Anybody out there have experience with troubleshooting this code? I've spent a day and a half trying to get through to tech support..


----------



## OpenSights (Mar 23, 2015)

I’ve waited an hour and a half on the phone with them, not a day and a half! Don’t remember the code it gave, I think we replaced the gas control twice and the burner once. The customer was without hot water a week each time. I’d say sell a new reliable one, unless they are ok for weeks at a time without hot water. Finances do make a difference for the customer.


----------



## MACPLUMB777 (Jun 18, 2008)

4Aces Plumbing said:


> Anybody out there have experience with troubleshooting this code? I've spent a day and a half trying to get through to tech support..

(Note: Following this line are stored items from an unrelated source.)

Lemma line_of_parallel (u w u' w' : pt) : w != 0 -> w' != 0 ->
  line_of u w = line_of u' w' -> exists2 c, c != 0 & w' = c *: w.
Proof.
move=> w0 w'0 E.
have /line_ofP[s Hs] : u' \in line_of u w by rewrite E mem_line_of.
have /line_ofP[s' Hs'] : u' + 1 *: w' \in line_of u w.
  by rewrite E; apply/line_ofP; exists 1.
have ew : w' = (s' - s) *: w.
  have -> : w' = (u' + 1 *: w') - u' by rewrite scale1r [u' + _ - _]addrAC subrr add0r.
  by rewrite Hs' Hs opprD addrACA subrr add0r scalerBl.
by exists (s' - s) => //; apply: contraNneq w'0 => e; rewrite ew e scale0r.
Qed.

Lemma line_of_Lines (u w : pt) : w != 0 -> line_of u w \in Lines F d.
Proof.
by move=> w0; rewrite inE; apply/existsP; exists u; apply/existsP; exists w; rewrite w0 /=.
Qed.

Lemma LinesP (l : {set pt}) : l \in Lines F d -> exists u w, w != 0 /\ l = line_of u w.
Proof. by rewrite inE => /existsP[u /existsP[w /andP[w0 /eqP ->]]]; exists u, w. Qed.

Lemma card_Lines_line (l : {set pt}) : l \in Lines F d -> #|l| = #|F|.
Proof. by case/LinesP=> u [w [w0 ->]]; exact: card_line_of. Qed.

Lemma LinesThroughE (z : pt) (l : {set pt}) :
  (l \in LinesThrough z) = (l \in Lines F d) && (z \in l).
Proof. by rewrite in_set. Qed.

Lemma sum_LinesThrough (V : nmodType) (z : pt) (f : {set pt} -> V) :
  \sum_(l in LinesThrough z) f l = \sum_(l in Lines F d | z \in l) f l.
Proof. by apply: eq_bigl => l; rewrite LinesThroughE. Qed.

Lemma Lines_through2 (z z' : pt) : z != z' ->
  (#|[set l in Lines F d | (z \in l) && (z' \in l)]| <= 1)%N.
Proof.
move=> ne; apply: (@leq_trans #|[set line_of z (z' - z)]|); last by rewrite cards1.
apply: subset_leq_card; apply/subsetP=> l.
rewrite in_set => /andP[/LinesP[u [w [w0 ->]]] /andP[zl z'l]].
have E := line_of_recenter zl; rewrite E in z'l.
by rewrite in_set1 E (line_of_through w0 z'l) // eq_sym.
Qed.

Lemma card_LinesThrough (z : pt) : (#|LinesThrough z| * #|F|.-1 <= #|pt|.-1)%N.
Proof.
(* Double count the pairs (l, w) with w a nonzero direction and l = line_of z w. *)
pose dirs l := [set w : pt | (w != 0) && (line_of z w == l)].
have dirs_ge l : l \in LinesThrough z -> (#|F|.-1 <= #|dirs l|)%N.
  rewrite LinesThroughE => /andP[/LinesP[u [w [w0 ->]]] zl].
  rewrite (line_of_recenter zl) -(cardsC1 (0 : F)) -(card_imset _ (scale_inj w0)).
  apply: subset_leq_card; apply/subsetP=> x /imsetP[c]; rewrite !inE => c0 ->.
  by rewrite scaler_eq0 negb_or c0 w0 line_ofZ ?eqxx.
apply: (@leq_trans (\sum_(l in LinesThrough z) #|dirs l|)).
  by rewrite -sum_nat_const leq_sum.
rewrite -(cardC1 (0 : pt)) -sum1_card.
under eq_bigr do rewrite -sum1_card.
rewrite (exchange_big_dep (mem (predC1 0))) /= => [|l w _]; last by rewrite !inE => /andP[].
apply: leq_sum => w; rewrite inE => w0.
rewrite (big_pred1 (line_of z w)) // => l; rewrite LinesThroughE [w \in dirs l]inE w0 /=.
apply/andP/eqP => [[_ /eqP <-] // | ->]; split; last exact: eqxx.
by rewrite line_of_Lines // mem_line_of.
Qed.
Lemma beta_cut_absorb w : w <= t ->
  beta p (pt n t w) (pt n t 0) /\ beta p (pt n w t) (pt n 0 t).
Proof.
elim: w => [|w IH] wt; first by split; apply: beta_refl.
have [IHc IHd] := IH (ltnW wt); have wn : w < n by lia.
split.
- set k := (p^-1 (Ordinal wn))%g.
  have pk : p k = w :> nat by rewrite /k permKV.
  have kt : k < t by rewrite -cut_t pk.
  have step : beta p (pt n k.+1 w) (pt n k.+1 w.+1).
    by apply: (beta_triple (k := k)); rewrite tripleE !inE pk eqxx ?orbT.
  have joined : beta p (pt n t w) (pt n t w.+1).
    by apply: (beta_join_pt (k := t) (l := 0) step); lia.
  exact: beta_trans (beta_sym joined) IHc.
- set k := Ordinal wn.
  have pkt : p k < t by rewrite cut_t.
  have step : beta p (pt n w (p k).+1) (pt n w.+1 (p k).+1).
    by apply: (beta_triple (k := k)); rewrite tripleE !inE eqxx ?orbT.
  have joined : beta p (pt n w t) (pt n w.+1 t).
    by apply: (beta_join_pt (k := 0) (l := t) step); have := ltn_ord (p k); lia.
  exact: beta_trans (beta_sym joined) IHd.
Qed.

Lemma beta_cut_row i j : t <= i <= n -> j <= t -> beta p (pt n i j) (pt n i 0).
Proof.
by move=> ? jt; apply: (beta_join_pt (k := i) (l := 0) (beta_cut_absorb jt).1); lia.
Qed.

Lemma beta_cut_col i j : i <= t -> t <= j <= n -> beta p (pt n i j) (pt n 0 j).
Proof.
by move=> it ?; apply: (beta_join_pt (k := 0) (l := j) (beta_cut_absorb it).2); lia.
Qed.

Lemma narrows_cut : narrows p (gc n (inord t)).
Proof.
move=> x; rewrite gc_pt /cls_le -(ptK x).
have [] := pt_bounds x; set i := val x.1; set j := val x.2 => le_in le_jn.
case: (leqP t i) => [ti | it].
  by right; rewrite (@gjoin_pt n t 0 i j i j) //; [apply: beta_refl | lia..].
case: (leqP j t) => [jt | tj].
  by left; rewrite (@gjoin_pt n i j t 0 t j) //; [apply: beta_cut_row; lia | lia..].
right; rewrite (@gjoin_pt n t 0 i j t j) //; try lia.
by apply: beta_trans (beta_cut_col _ _) (beta_sym (beta_cut_col _ _)); lia.
Qed.

End Cut.

Lemma perm_natE n (p : 'S_n) i (lt_in : i < n) : perm_nat p i = p (Ordinal lt_in).
Proof. by rewrite /perm_nat insubT. Qed.

Definition shift (n u : nat) {m : nat} (x : gridT m) : gridT n :=
  pt n (u + x.1) (u + x.2).

Definition clamp {n : nat} (u m : nat) (y : gridT n) : gridT m :=
  pt m (minn (y.1 - u) m) (minn (y.2 - u) m).

Section Shift.
Variables (n m u : nat) (p : 'S_n) (s : 'S_m).
Hypotheses (le_umn : u + m <= n) (cut_u : cut p u) (cut_um : cut p (u + m)).
Hypothesis s_def : forall k : 'I_m, val (s k) = perm_nat p (u + k) - u.

Lemma lt_shift (k : 'I_m) : u + k < n.
Proof. by have := ltn_ord k; lia. Qed.

Lemma shift_perm (k : 'I_m) : p (Ordinal (lt_shift k)) = u + s k :> nat.
Proof.
have le_up : u <= p (Ordinal (lt_shift k)) by rewrite leqNgt cut_u /= -leqNgt leq_addr.
by rewrite s_def (perm_natE p (lt_shift k)) subnKC.
Qed.

Lemma shift_pt i j : i <= m -> j <= m -> shift n u (pt m i j) = pt n (u + i) (u + j).
Proof. by move=> *; rewrite /shift /= !inordK. Qed.

Lemma clamp_pt i j : i <= n -> j <= n ->
  clamp u m (pt n i j) = pt m (minn (i - u) m) (minn (j - u) m).
Proof. by move=> *; rewrite /clamp /= !inordK. Qed.

Lemma shift_join : {morph @shift n u m : x y / gjoin x y}.
Proof.
move=> x y; have [? ?] := pt_bounds x; have [? ?] := pt_bounds y.
rewrite gjoinE shift_pt; try lia.
by rewrite /shift (@gjoin_pt n _ _ _ _ (u + maxn x.1 y.1) (u + maxn x.2 y.2)) //; lia.
Qed.

Lemma clamp_join : {morph @clamp n u m : x y / gjoin x y}.
Proof.
move=> x y; have [? ?] := pt_bounds x; have [? ?] := pt_bounds y.
rewrite gjoinE clamp_pt; try lia.
rewrite /clamp (@gjoin_pt m _ _ _ _ (minn (maxn x.1 y.1 - u) m) (minn (maxn x.2 y.2 - u) m))
  //; lia.
Qed.

Lemma clamp_shift : cancel (shift n u) (clamp u m).
Proof.
move=> x; have [? ?] := pt_bounds x.
by rewrite /shift clamp_pt -1?[RHS]ptK; try apply: pt_congr; lia.
Qed.

Lemma shift_triple k :
  map (shift n u) (triple s k) = triple p (Ordinal (lt_shift k)).
Proof.
have := ltn_ord k; have := ltn_ord (s k); have := shift_perm k => psk *.
rewrite !tripleE /= psk !shift_pt; try lia.
by congr [:: _; _; _]; apply: pt_congr; lia.
Qed.

Lemma beta_shift_triple k x y :
  x \in triple s k -> y \in triple s k -> beta p (shift n u x) (shift n u y).
Proof.
move=> xk yk; apply: (beta_triple (k := Ordinal (lt_shift k)));
  by rewrite -shift_triple; apply: map_f.
Qed.

Lemma beta_clamp_triple k x y :
  x \in triple p k -> y \in triple p k -> beta s (clamp u m x) (clamp u m y).
Proof.
have := ltn_ord k; have := ltn_ord (p k) => ltpk ltk.
have constant c : (forall z, z \in triple p k -> clamp u m z = c) ->
    x \in triple p k -> y \in triple p k -> beta s (clamp u m x) (clamp u m y).
  by move=> cT xk yk; rewrite (cT x xk) (cT y yk); apply: beta_refl.
case: (ltnP k u) => [lt_ku | le_uk].
  have lt_pku : p k < u by rewrite cut_u.
  apply: (constant (pt m 0 0)) => z; rewrite tripleE !inE => /or3P[]/eqP->;
    by rewrite clamp_pt; try apply: pt_congr; lia.
case: (ltnP k (u + m)) => [lt_kum | le_umk]; last first.
  have le_ump : u + m <= p k by rewrite leqNgt cut_um -leqNgt.
  apply: (constant (pt m m m)) => z; rewrite tripleE !inE => /or3P[]/eqP->;
    by rewrite clamp_pt; try apply: pt_congr; lia.
have lt_k'm : k - u < m by lia.
have -> : k = Ordinal (lt_shift (Ordinal lt_k'm)) by apply: val_inj => /=; lia.
rewrite -shift_triple => /mapP[x' x'k ->] /mapP[y' y'k ->].
by rewrite !clamp_shift; apply: beta_triple x'k y'k.
Qed.

Lemma beta_shiftE x y : beta s x y <-> beta p (shift n u x) (shift n u y).
Proof.
split; first exact: (@beta_transport _ _ s p (@shift n u m) shift_join beta_shift_triple).
by move/(@beta_transport _ _ p s (clamp u m) clamp_join beta_clamp_triple); rewrite !clamp_shift.
Qed.

Lemma shift_between (x : gridT m) :
  cls_le p (pt n u 0) (shift n u x) /\ cls_le p (shift n u x) (pt n (u + m) 0).
Proof.
have [? ?] := pt_bounds x; rewrite /cls_le /shift; split.
  by rewrite (@gjoin_pt n u 0 _ _ (u + x.1) (u + x.2)); [apply: beta_refl | lia..].
rewrite (@gjoin_pt n _ _ (u + m) 0 (u + m) (u + x.2)); [ | lia..].
by apply: (beta_cut_row le_umn cut_um); lia.
Qed.

Lemma shift_onto y : cls_le p (pt n u 0) y -> cls_le p y (pt n (u + m) 0) ->
  exists x : gridT m, beta p (shift n u x) y.
Proof.
have le_un : u <= n by lia.
rewrite /cls_le -(ptK y); have [] := pt_bounds y.
set i := val y.1; set j := val y.2 => le_in le_jn; set i' := maxn u i.
rewrite (@gjoin_pt n u 0 i j i' j) ?(@gjoin_pt n i j (u + m) 0 (maxn i (u + m)) j); try lia.
move=> above below.
have top : beta p (shift n u (pt m m m)) (pt n (u + m) 0).
  by rewrite shift_pt //; apply: (beta_cut_row le_umn cut_um); lia.
case: (leqP i (u + m)) => [le_iv | lt_vi]; last first.
  exists (pt m m m); apply: beta_trans top (beta_sym _).
  by rewrite (maxn_idPl (ltnW lt_vi)) in below.
rewrite (maxn_idPr le_iv) in below.
case: (leqP j (u + m)) => [le_jv | lt_vj]; last first.
  exists (pt m m m); apply: beta_trans top (beta_trans (beta_sym below) _).
  apply: beta_trans (beta_cut_col le_umn cut_um _ _) _; try lia.
  by apply: beta_trans (beta_sym (beta_cut_col le_umn cut_um _ _)) above; lia.
exists (pt m (i' - u) (maxn u j - u)).
rewrite shift_pt ?subnKC ?leq_maxl; try lia.
apply: beta_trans above; case: (leqP j u) => [le_ju | _]; last exact: beta_refl.
by apply: beta_trans (beta_cut_row le_un cut_u _ _) (beta_sym (beta_cut_row le_un cut_u _ _)); lia.
Qed.

Lemma shift_interval_iso :
  interval_iso p s (gc n (inord u)) (gc n (inord (u + m))) (shift n u).
Proof.
split=> [x y | x | y]; rewrite ?gc_pt.
- by rewrite /cls_le -shift_join; exact: beta_shiftE.
- exact: shift_between.
- exact: shift_onto.
Qed.

Lemma beta_shift_gc (k : 'I_m.+1) :
  beta p (shift n u (gc m k)) (gc n (inord (u + k))).
Proof.
have := ltn_ord k; rewrite gc_pt /shift /= addn0 => lt_km.
have le_un : u <= n by lia.
by apply: (beta_cut_row le_un cut_u); lia.
Qed.

Lemma shift_gd (k : 'I_m.+1) :
  shift n u (gd m k) = gjoin (gc n (inord u)) (gd n (inord (u + k))).
Proof.
have := ltn_ord k; rewrite gc_pt gd_pt /shift /= addn0 => lt_km.
by rewrite (@gjoin_pt n u 0 0 (u + k) u (u + k)) //; lia.
Qed.
End Shift.

Theorem lemma4p5 (n : nat) (p : 'S_n) (u v : nat) (huv : u < v) (hvn : v <= n)
  (hsec : is_section p u.+1 v) (s : 'S_(v - u))
  (hs : forall k : 'I_(v - u), val (s k) = perm_nat p (u + k) - u) :
  narrows p (gc n (inord u)) /\ narrows p (gc n (inord v)) /\
  exists f : gridT (v - u) -> gridT n,
    [/\ interval_iso p s (gc n (inord u)) (gc n (inord v)) f,
        (forall k : 'I_(v - u).+1, beta p (f (gc (v - u) k)) (gc n (inord (u + k))))
      & (forall k : 'I_(v - u).+1,
           beta p (f (gd (v - u) k)) (gjoin (gc n (inord u)) (gd n (inord (u + k)))))].
Proof.
case: hsec => _ _ _ /cut_closed_lo cut_u /cut_closed_hi cut_v.
have le_uv := ltnW huv; have v_def : u + (v - u) = v := subnKC le_uv.
have le_un := leq_trans le_uv hvn.
have le_umn : u + (v - u) <= n by rewrite v_def.
have cut_um : cut p (u + (v - u)) by rewrite v_def.
split; first exact: narrows_cut le_un cut_u.
split; first exact: narrows_cut hvn cut_v.
exists (shift n u); split.
- by have := shift_interval_iso le_umn cut_u cut_um hs; rewrite v_def.
- by move=> k; exact: beta_shift_gc le_umn cut_u k.
- by move=> k; rewrite (shift_gd le_umn); apply: beta_refl.
Qed.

WOW 132 POSTS IN 12 YEARS !


----------



## dhal22 (Jul 30, 2010)

You've already lost money. Sell them a new one or cut your losses and decline to continue.


----------



## Debo22 (Feb 15, 2015)

What is the 8-3 code? Or do we all need to google it?


----------



## DDDave (Aug 6, 2014)

Has anyone ever run an atmospheric/conventional gcv on a pv? asking for a friend.


----------



## 4Aces Plumbing (Aug 26, 2011)

Debo22 said:


> What is the 8-3 code? Or do we all need to google it?


"Electrical Failure"


----------